David Melber: A heritage of service

The incoming vice president of NAMB’s newly-formed Send Relief mercy and compassion ministry shares how service has been an integral part of his life and testimony.

Send Relief: Tell us a bit about your testimony.

David Melber: I’m a native of Paducah, Ky., and I was raised by Christian parents. We were very active in service-related projects, and that shaped the time leading up to me accepting the Lord. I can remember as a young teenager thinking, “I don’t really understand why we’re devoting all of this time or effort or resources to this.” But that was my parents’ Christian witness to me that finally led me to the point that I realized there was something about their lives that I did not share, and I came to know the Lord as a teenager.

SR: How did you come to be involved in full-time ministry?
DM: After accepting Christ, I stagnated in discipleship. I went through college, met my wife, Tera, got married and moved onto a path that led to success in the business world. I was pretty much convinced that the Lord had allowed us to be in a role where we could make a lot of money and give money away. I thought that was how He would have us serve.

I traveled an enormous amount of time with my job, and Tera and a group of ladies started praying for me. They were praying that I would be home with my family more often.

Through this group of ladies praying and the Lord’s conviction over a period of 18 months, God just basically said to me, “You say you trust me, but you don’t trust me with your finances. Unless you trust me with that, we can’t continue on this path.”

That initiated the sequence of leaving secular work and going to seminary. While I was in seminary, the Lord gave us a heart for missions. In 1999, I joined the team at Crossings in Kentucky. Through Crossings, we were helping students realize you don’t have to wait until you’re an adult to live for the Lord. God wants you to be on mission right now, right where you are.

SR: Tell us about your family.
DM: We have six kids, and as you can see, obviously some of them are not genetically like us. Over the last 15 years, God opened our heart to adoption and the orphan crisis. In addition to our three biological children, we have a daughter from the Philippines and two sons from Ethiopia.

SR: How did God lead you to adopt?
DM: Growing up in Paducah, we did not personally know of anyone who had been through an international adoption, so we were walking down a path that was very much uncharted for us.

One of our very first international partners at Crossings was a camp in Moldova. When I visited, I was taken into an enormous orphanage—there were probably 600 or 700 orphans in this four- or five-story concrete building. I was walking through this massive, cold orphanage, and I remember thinking, “This is not acceptable.”

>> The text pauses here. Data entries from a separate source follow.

(* Let $\mathcal{A}=\langle Q,A,E,I,T\rangle$ be a finite automaton over the free monoid $A^*$ and let $\omega$ and $\omega'$ be two total orders on $Q$. Then $$\mathbf{N}\wedge\mathbf{S}\wedge\mathbf{P}\ \vdash\ \mathsf{M}_\omega(\mathcal{A})\equiv\mathsf{M}_{\omega'}(\mathcal{A}),$$ that is, the two expressions produced by the McNaughton–Yamada algorithm for the orders $\omega$ and $\omega'$ can be proved equal using the natural identities $\mathbf{N}$ together with the aperiodic identities $\mathbf{S}$ and $\mathbf{P}$.
   Context: Rational expressions over $A^*$ are the well-formed formulas built from the constants $\mathsf{0}$ and $\mathsf{1}$ and the letters of $A$ by the binary operators $+$ and $\cdot$ and the unary operator ${}^*$. All expressions are taken reduced modulo the trivial identities $\mathsf{E}+\mathsf{0}\equiv\mathsf{E}$, $\mathsf{0}+\mathsf{E}\equiv\mathsf{E}$, $\mathsf{E}\cdot\mathsf{0}\equiv\mathsf{0}$, $\mathsf{0}\cdot\mathsf{E}\equiv\mathsf{0}$, $\mathsf{E}\cdot\mathsf{1}\equiv\mathsf{E}$, $\mathsf{1}\cdot\mathsf{E}\equiv\mathsf{E}$, $\mathsf{0}^*\equiv\mathsf{1}$, and all computations below are performed modulo them. The natural identities $\mathbf{N}$ are associativity of $+$ and of $\cdot$, distributivity of $\cdot$ over $+$ on both sides, and commutativity $\mathsf{E}+\mathsf{F}\equiv\mathsf{F}+\mathsf{E}$. The aperiodic identities are: - $\mathbf{S}$: $(\mathsf{E}+\mathsf{F})^*\equiv\mathsf{E}^*\cdot(\mathsf{F}\cdot\mathsf{E}^* )^*$ and $(\mathsf{E}+\mathsf{F})^*\equiv(\mathsf{E}^*\cdot\mathsf{F})^*\cdot\mathsf{E}^*$; - $\mathbf{P}$: $(\mathsf{E}\cdot\mathsf{F})^*\equiv\mathsf{1}+\mathsf{E}\cdot(\mathsf{F}\cdot\mathsf{E})^*\cdot\mathsf{F}$. For a set $\mathcal{I}$ of identities, $\mathcal{I}\vdash\mathsf{X}\equiv\mathsf{Y}$ means that $\mathsf{X}$ and $\mathsf{Y}$ are related by the smallest congruence on expressions (for $+$, $\cdot$ and ${}^*$) that contains all instances of the identities in $\mathcal{I}$, working modulo the trivial identities. McNaughton–Yamada algorithm for the order $\omega$. Identify $Q$ with $\{1,\dots,n\}$ via $\omega$. For $p,q\in Q$, let $\mathsf{E}_{p,q}$ be the sum, written in some fixed order and bracketing, of the letters labelling the transitions from $p$ to $q$; it is $\mathsf{0}$ if there is none. Define: - $\mathsf{M}^{(0)}_{p,q}=\mathsf{E}_{p,q}$; - for $1\le k\le n$, $\mathsf{M}^{(k)}_{p,q}=\mathsf{M}^{(k-1)}_{p,q}+\mathsf{M}^{(k-1)}_{p,k}\cdot(\mathsf{M}^{(k-1)}_{k,k})^*\cdot\mathsf{M}^{(k-1)}_{k,q}$; - $\mathsf{M}_{p,q}=\mathsf{M}^{(n)}_{p,q}$ if $p\neq q$, and $\mathsf{M}_{p,p}=\mathsf{M}^{(n)}_{p,p}+\mathsf{1}$. Then $\mathsf{M}_\omega(\mathcal{A})=\sum_{p\in I,\,q\in T}\mathsf{M}_{p,q}$, the sum being written in some fixed order and bracketing. It denotes the language accepted by $\mathcal{A}$. *)

From mathcomp Require Import all_boot.
Set Implicit Arguments. Unset Strict Implicit. Unset Printing Implicit Defensive.
(* Let $h=\prod_{i=1}^{t}p_i^{s_i}$ with distinct primes $p_i$ and $s_i\ge1$, $m\le n$, and let $A=SDT\in\mathbb{Z}_h^{m\times n}$ where $S\in GL_m(\mathbb{Z}_h)$, $T\in GL_n(\mathbb{Z}_h)$ and $D=\mathrm{diag}(\prod_{i=1}^tp_i^{\alpha_{i1}},\ldots,\prod_{i=1}^tp_i^{\alpha_{im}})$ with $0\leq\alpha_{i1}\leq\cdots\leq\alpha_{im}\leq s_i$ for all $i$. Then the inner rank of $A$ equals $\max\{c\in\{1,\dots,m\}: (\alpha_{1c},\alpha_{2c},\ldots,\alpha_{tc})\neq(s_1,s_2,\ldots,s_t)\}$ (interpreted as $0$ if this set is empty).
   Context: For a commutative ring $R$ and nonzero $A\in R^{m\times n}$, the inner rank $\rho(A)$ is the least integer $r$ such that $A=BC$ with $B\in R^{m\times r}$, $C\in R^{r\times n}$; $\rho(0)=0$. $\mathrm{diag}(d_1,\ldots,d_m)$ for $m\le n$ denotes the $m\times n$ matrix with $d_1,\dots,d_m$ on the main diagonal and zeros elsewhere. *)

From HB Require Import structures.
From mathcomp Require Import all_boot all_order all_algebra.
Set Implicit Arguments. Unset Strict Implicit. Unset Printing Implicit Defensive.
Import GRing.Theory.
Local Open Scope ring_scope.

Definition factors_through (R : comRingType) (m n : nat) (A : 'M[R]_(m, n)) (r : nat) : Prop :=
  exists (B : 'M[R]_(m, r)) (C : 'M[R]_(r, n)), A = B *m C.

Definition is_inner_rank (R : comRingType) (m n : nat) (A : 'M[R]_(m, n)) (r : nat) : Prop :=
  factors_through A r /\ forall r', factors_through A r' -> (r <= r')%N.

Definition rect_diag (R : ringType) (m n : nat) (d : 'I_m -> R) : 'M[R]_(m, n) :=
  \matrix_(i < m, j < n) (if (i == j :> nat) then d i else 0).

From HB Require Import structures.
From mathcomp Require Import all_boot all_order all_algebra.
Set Implicit Arguments.
Unset Strict Implicit.
Unset Printing Implicit Defensive.

Import GRing.Theory.
Local Open Scope ring_scope.

(* Invertible S and T do not change the inner rank, so only the diagonal
   matrix D = diag(d_1, ..., d_m), d_c = prod_i p_i^(alpha_ic), matters.
   Let r be the last index whose exponent vector differs from (s_i).  Beyond r
   every d_c equals h = 0 in Z_h, so D factors through Z_h^r.  Conversely
   alpha_(i0 r) < s_(i0) for some i0, so d_1, ..., d_r all divide
   g = h / p_(i0); rescaling the columns of the leading r x r block of D turns
   it into g I_r.  If g I_r = B C through Z_h^r', lift B and C to integer
   matrices: their product M is congruent to g I modulo g p_(i0), so
   M = g (I + p_(i0) E) and det M <> 0 (reduce I + p_(i0) E modulo p_(i0)),
   whereas det M = 0 as soon as r' < r. *)

Section FactorsThrough.
Variable R : comRingType.

Lemma factors_through_mull m m' n r (P : 'M[R]_(m', m)) (A : 'M_(m, n)) :
  factors_through A r -> factors_through (P *m A) r.
Proof. by move=> [B [C ->]]; exists (P *m B), C; rewrite mulmxA. Qed.

Lemma factors_through_mulr m n n' r (A : 'M[R]_(m, n)) (Q : 'M_(n, n')) :
  factors_through A r -> factors_through (A *m Q) r.
Proof. by move=> [B [C ->]]; exists B, (C *m Q); rewrite mulmxA. Qed.

Lemma factors_through_mxsub m n m' n' r (f : 'I_m' -> 'I_m) (g : 'I_n' -> 'I_n)
    (A : 'M[R]_(m, n)) :
  factors_through A r -> factors_through (mxsub f g A) r.
Proof. by move=> [B [C ->]]; exists (rowsub f B), (colsub g C); rewrite mxsub_mul. Qed.

Lemma rect_diag_factors_through m n r (d : 'I_m -> R) :
  (forall c : 'I_m, (r <= c)%N -> d c = 0) -> factors_through (rect_diag n d) r.
Proof.
move=> d_r; exists (\matrix_(i, k) (if i == k :> nat then d i else 0)).
exists (\matrix_(k, j) (if k == j :> nat then 1 else 0)).
apply/matrixP=> i j; rewrite !mxE.
have [lt_ir | le_ri] := ltnP i r; last first.
  rewrite d_r // if_same big1 // => k _; rewrite !mxE.
  by rewrite (gtn_eqF (leq_trans (ltn_ord k) le_ri)) mul0r.
rewrite (bigD1 (Ordinal lt_ir)) //= big1 ?addr0 => [|k nk_i].
  by rewrite !mxE eqxx; case: (i == j :> nat); rewrite ?mulr1 ?mulr0.
rewrite !mxE; case: eqP => [ik|]; rewrite ?mul0r //.
by rewrite -(inj_eq val_inj) /= ik eqxx in nk_i.
Qed.

Lemma rect_diag_scalar_block m n r r' (d : 'I_m -> R) (e : 'I_r -> R) (g : R)
    (le_rm : (r <= m)%N) (le_rn : (r <= n)%N) :
  (forall c : 'I_r, d (widen_ord le_rm c) * e c = g) ->
  factors_through (rect_diag n d) r' -> factors_through (g%:M : 'M_r) r'.
Proof.
move=> de /(factors_through_mxsub (widen_ord le_rm) (widen_ord le_rn)).
move=> /(factors_through_mulr (diag_mx (\row_c e c))).
suff -> : mxsub (widen_ord le_rm) (widen_ord le_rn) (rect_diag n d) *m
          diag_mx (\row_c e c) = g%:M by [].
apply/matrixP=> i j; rewrite mul_mx_diag !mxE /=.
have [<-|neq_ij] := eqVneq i j; first by rewrite eqxx de.
by rewrite ifN ?mul0r.
Qed.

End FactorsThrough.

Lemma factors_through_unitmx (R : comUnitRingType) m n r
    (S : 'M[R]_m) (A : 'M_(m, n)) (T : 'M_n) :
  S \in unitmx -> T \in unitmx ->
  factors_through (S *m A *m T) r <-> factors_through A r.
Proof.
move=> uS uT; split=> [|/(factors_through_mull S)/(factors_through_mulr T)//].
move=> /(factors_through_mull (invmx S))/(factors_through_mulr (invmx T)).
by rewrite -mulmxA mulmxK // mulKmx.
Qed.

Lemma dvdz_Zp (h : nat) (z : int) : (1 < h)%N -> (h %| z)%Z = (z%:~R == 0 :> 'Z_h).
Proof.
move=> h_gt1; have dvdn_Zp k : (h %| k)%N = (k%:R == 0 :> 'Z_h).
  by rewrite -val_eqE /= val_Zp_nat.
by case: z => k; rewrite ?NegzE ?rmorphN ?oppr_eq0 dvdzE /= dvdn_Zp.
Qed.

Lemma det_mulmx_thin (R : idomainType) r r' (B : 'M[R]_(r, r')) (C : 'M_(r', r)) :
  (r' < r)%N -> \det (B *m C) = 0.
Proof.
move=> lt_r'r; apply/eqP; rewrite -tofrac_eq0 -det_map_mx map_mxM.
apply: contraTT lt_r'r; rewrite -unitfE -unitmxE -leqNgt => /mxrank_unit <-.
exact: leq_trans (mxrankM_maxr _ _) (rank_leq_row _).
Qed.

Lemma det_congr1_modp_neq0 (p r : nat) (N : 'M[int]_r) :
  prime p -> (forall i j, (p %| N i j - (i == j)%:Z)%Z) -> \det N != 0.
Proof.
move=> p_pr N_1; have toFp_1 : map_mx (intr : {rmorphism int -> 'F_p}) N = 1%:M.
  apply/matrixP=> i j; apply/eqP; rewrite !mxE -subr_eq0.
  by have := N_1 i j; rewrite (dvdz_pcharf (pchar_Fp p_pr)) rmorphB.
apply/eqP=> detN0; have := det_map_mx (intr : {rmorphism int -> 'F_p}) N.
by rewrite toFp_1 det1 detN0 rmorph0 => /eqP; rewrite oner_eq0.
Qed.

Lemma Zp_scalar_not_factors_through (h g p r r' : nat) :
  h = (g * p)%N -> prime p -> (0 < g)%N -> (r' < r)%N ->
  ~ factors_through ((g%:R)%:M : 'M['Z_h]_r) r'.
Proof.
move=> def_h p_pr g_gt0 lt_r'r [B [C gBC]].
have h_gt1 : (1 < h)%N by rewrite def_h (leq_trans (prime_gt1 p_pr)) ?leq_pmull.
pose lift m n (A : 'M['Z_h]_(m, n)) := \matrix_(i, j) (A i j : nat)%:Z.
have liftK m n (A : 'M_(m, n)) : map_mx (intr : {rmorphism int -> 'Z_h}) (lift m n A) = A.
  by apply/matrixP=> i j; rewrite !mxE; apply: natr_Zp.
pose M := lift _ _ B *m lift _ _ C.
have detM0 : \det M = 0 := det_mulmx_thin _ _ lt_r'r.
have M_modh : map_mx (intr : {rmorphism int -> 'Z_h}) M = (g%:R)%:M.
  by rewrite /M map_mxM !liftK gBC.
clearbody M.
have M_congr i j : (h %| M i j - (i == j)%:Z * g%:Z)%Z.
  move/matrixP: M_modh => /(_ i j); rewrite !mxE => M_ij.
  rewrite dvdz_Zp // rmorphB rmorphM /= M_ij.
  by case: (i == j); rewrite ?mul1r ?mul0r subrr.
pose q i j := ((M i j - (i == j)%:Z * g%:Z) %/ h)%Z.
pose N := \matrix_(i, j) ((i == j)%:Z + q i j * p%:Z).
have M_gN : M = g%:Z *: N.
  apply/matrixP=> i j; rewrite !mxE mulrDr mulrCA -[g%:Z * p%:Z]PoszM -def_h.
  by rewrite divzK ?M_congr // [g%:Z * _]mulrC addrC subrK.
have N_congr1 i j : (p %| N i j - (i == j)%:Z)%Z.
  by rewrite mxE [_ + q i j * _]addrC addrK dvdz_mull.
move: detM0; rewrite M_gN detZ => /eqP.
rewrite mulf_eq0 (negbTE (det_congr1_modp_neq0 p_pr N_congr1)) orbF.
by rewrite expf_eq0 eqz_nat eqn0Ngt g_gt0 andbF.
Qed.

Lemma prod_expn_subnK (I : finType) (p a b : I -> nat) :
  (forall i, a i <= b i)%N ->
  (\prod_i p i ^ a i * \prod_i p i ^ (b i - a i) = \prod_i p i ^ b i)%N.
Proof.
by move=> le_ab; rewrite -big_split; apply: eq_bigr => i _ /=; rewrite -expnD subnKC.
Qed.

Lemma prod_expn_pred (I : finType) (p b : I -> nat) (i0 : I) : (0 < b i0)%N ->
  (\prod_i p i ^ b i = \prod_i p i ^ (b i - (i == i0)) * p i0)%N.
Proof.
move=> b_gt0; rewrite (bigD1 i0) // [in RHS](bigD1 i0) //= eqxx subn1.
rewrite -{1}(prednK b_gt0) expnS.
rewrite [in RHS](eq_bigr (fun i => p i ^ b i)%N) => [|i /negbTE ->]; last by rewrite subn0.
by rewrite -mulnA mulnC.
Qed.

Section DiagonalInnerRank.
Variables (t m n : nat) (p s : 'I_t -> nat) (alpha : 'I_t -> 'I_m -> nat).
Hypothesis t_gt0 : (0 < t)%N.
Hypothesis p_prime : forall i, prime (p i).
Hypothesis s_gt0 : forall i, (0 < s i)%N.
Hypothesis le_mn : (m <= n)%N.
Hypothesis alpha_mono :
  forall i (c1 c2 : 'I_m), (c1 <= c2)%N -> (alpha i c1 <= alpha i c2)%N.
Hypothesis alpha_le : forall i c, (alpha i c <= s i)%N.

Local Notation h := (\prod_(i < t) p i ^ s i)%N.
Local Notation D :=
  (rect_diag n (fun c : 'I_m => ((\prod_(i < t) p i ^ alpha i c)%N%:R : 'Z_h))).
Local Notation r := (\max_(c < m | [exists i, alpha i c != s i]) c.+1)%N.

Lemma diag_factors_through : factors_through D r.
Proof.
have h_gt1 : (1 < h)%N.
  pose i0 := Ordinal t_gt0.
  have p_s_gt1 : (1 < p i0 ^ s i0)%N by rewrite -(exp1n (s i0)) ltn_exp2r ?prime_gt1.
  rewrite (bigD1 i0) //= (leq_trans p_s_gt1) // leq_pmulr // prodn_gt0 // => i.
  by rewrite expn_gt0 prime_gt0.
apply: rect_diag_factors_through => c le_rc.
have alpha_s i : alpha i c = s i.
  apply/eqP; apply: contraTT le_rc => ne_i; rewrite -ltnNge.
  by apply: leq_bigmax_cond; apply/existsP; exists i.
have -> : (\prod_(i < t) p i ^ alpha i c)%N = h.
  by apply: eq_bigr => i _; rewrite alpha_s.
exact: pchar_Zp.
Qed.

Lemma diag_not_factors_through r' : (r' < r)%N -> ~ factors_through D r'.
Proof.
move=> lt_r'r.
pose P := [pred c : 'I_m | [exists i, alpha i c != s i]].
have P_gt0 : (0 < #|P|)%N.
  by rewrite lt0n; apply: contraTneq lt_r'r => /card0_eq P0; rewrite big_pred0.
have [c0 /existsP[i0 ne_i0] r_c0] := eq_bigmax_cond (fun c : 'I_m => c.+1) P_gt0.
have {}r_c0 : r = c0.+1 := r_c0.
have lt_alpha_s : (alpha i0 c0 < s i0)%N by rewrite ltn_neqAle ne_i0 alpha_le.
have le_rm : (r <= m)%N by rewrite r_c0.
pose s' i := (s i - (i == i0))%N.
have le_alpha_s' (c : 'I_r) i : (alpha i (widen_ord le_rm c) <= s' i)%N.
  rewrite /s'; case: eqP => [->|_]; last by rewrite subn0.
  rewrite subn1 -ltnS prednK //; apply: (leq_ltn_trans _ lt_alpha_s).
  by apply: alpha_mono; rewrite /= -ltnS -r_c0.
move=> D_r'.
apply: (Zp_scalar_not_factors_through (prod_expn_pred p (s_gt0 i0)) (p_prime i0) _ lt_r'r).
  by rewrite prodn_gt0 // => i; rewrite expn_gt0 prime_gt0.
apply: (rect_diag_scalar_block (le_rm := le_rm)
  (e := fun c => (\prod_(i < t) p i ^ (s' i - alpha i (widen_ord le_rm c)))%:R)
  (leq_trans le_rm le_mn) _ D_r').
by move=> c; rewrite -natrM (prod_expn_subnK p (le_alpha_s' c)).
Qed.

End DiagonalInnerRank.

Theorem lemma2p11 (t : nat) (p s : 'I_t -> nat)
  (ht : (0 < t)%N)
  (hp : forall i, prime (p i)) (hpinj : injective p)
  (hs : forall i, (0 < s i)%N)
  (m n : nat) (hmn : (m <= n)%N)
  (alpha : 'I_t -> 'I_m -> nat)
  (halpha_mono : forall i (c1 c2 : 'I_m), (c1 <= c2)%N -> (alpha i c1 <= alpha i c2)%N)
  (halpha_le : forall i c, (alpha i c <= s i)%N)
  (S : 'M['Z_(\prod_(i < t) p i ^ s i)]_m)
  (T : 'M['Z_(\prod_(i < t) p i ^ s i)]_n)
  (hS : S \in unitmx) (hT : T \in unitmx) :
  is_inner_rank
    (S *m rect_diag n (fun c : 'I_m => ((\prod_(i < t) p i ^ alpha i c)%N)%:R) *m T)
    (\max_(c < m | [exists i, alpha i c != s i]) c.+1)%N.
Proof.
split=> [|r' /(factors_through_unitmx _ _ hS hT) D_r'].
  by apply/(factors_through_unitmx _ _ hS hT); apply: diag_factors_through ht hp hs.
rewrite leqNgt; apply/negP => lt_r'r.
exact: (diag_not_factors_through hp hs hmn halpha_mono halpha_le lt_r'r D_r').
Qed.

We already had three kids at the time, and we knew that we were done growing our family biologically, but I remember calling Tera and just saying, “You know, the Lord has blessed us. We can’t obviously adopt all of them, but we have to do something.”

Maritess was two weeks away from her 7th birthday when we brought her home. We got Jonas when he was 5 and then Isaac when he was 4. So they did come here with memories about their upbringing. Knowing their stories has helped us see through their eyes and through the eyes of people who have grown up in vastly different circumstances from what we typically do here in the United States. It’s really softened our hearts.

A lot of people will say, “You’ve been such a blessing to bring these three kids into your home,” and I’ll say, well, the blessing for us has been far greater. It’s that ever-present reminder that God has us here to be a witness and proclaim His name and share His gospel with all of earth. It’s shaped all of our kids. It’s reshaped our whole family. It’s changed our understanding of the gospel as people that are adopted into the kingdom.

SR: What is your hope for Send Relief to mobilize all generations of the church?
DM: As you think about the population of the respective churches that we sit in, not everybody is going to say, I feel called to go plant a church. The beauty of something like Send Relief, and all the various ministries that could come out of that, is its capacity to involve everyone from an 8-year-old child to a senior adult with very tangible ways that they can be the hands and feet of Christ. We need to take our kids and involve them in serving others—even if they don’t understand the gospel yet. Part of our training and stewardship with young kids is to engage them with serving and caring for others. I didn’t have any idea that the service projects that my parents were involved with would ultimately be a part of God leading me to a saving knowledge of Jesus Christ. Send Relief can do that very thing. Not only are the recipients of Send Relief ministries going to come to Christ, I think there are going to be people involved in Send Relief projects that are not even believers yet, but as they are serving others, as they are seeing the gospel lived out, those people are going to come to Christ, too. Their story can be like mine.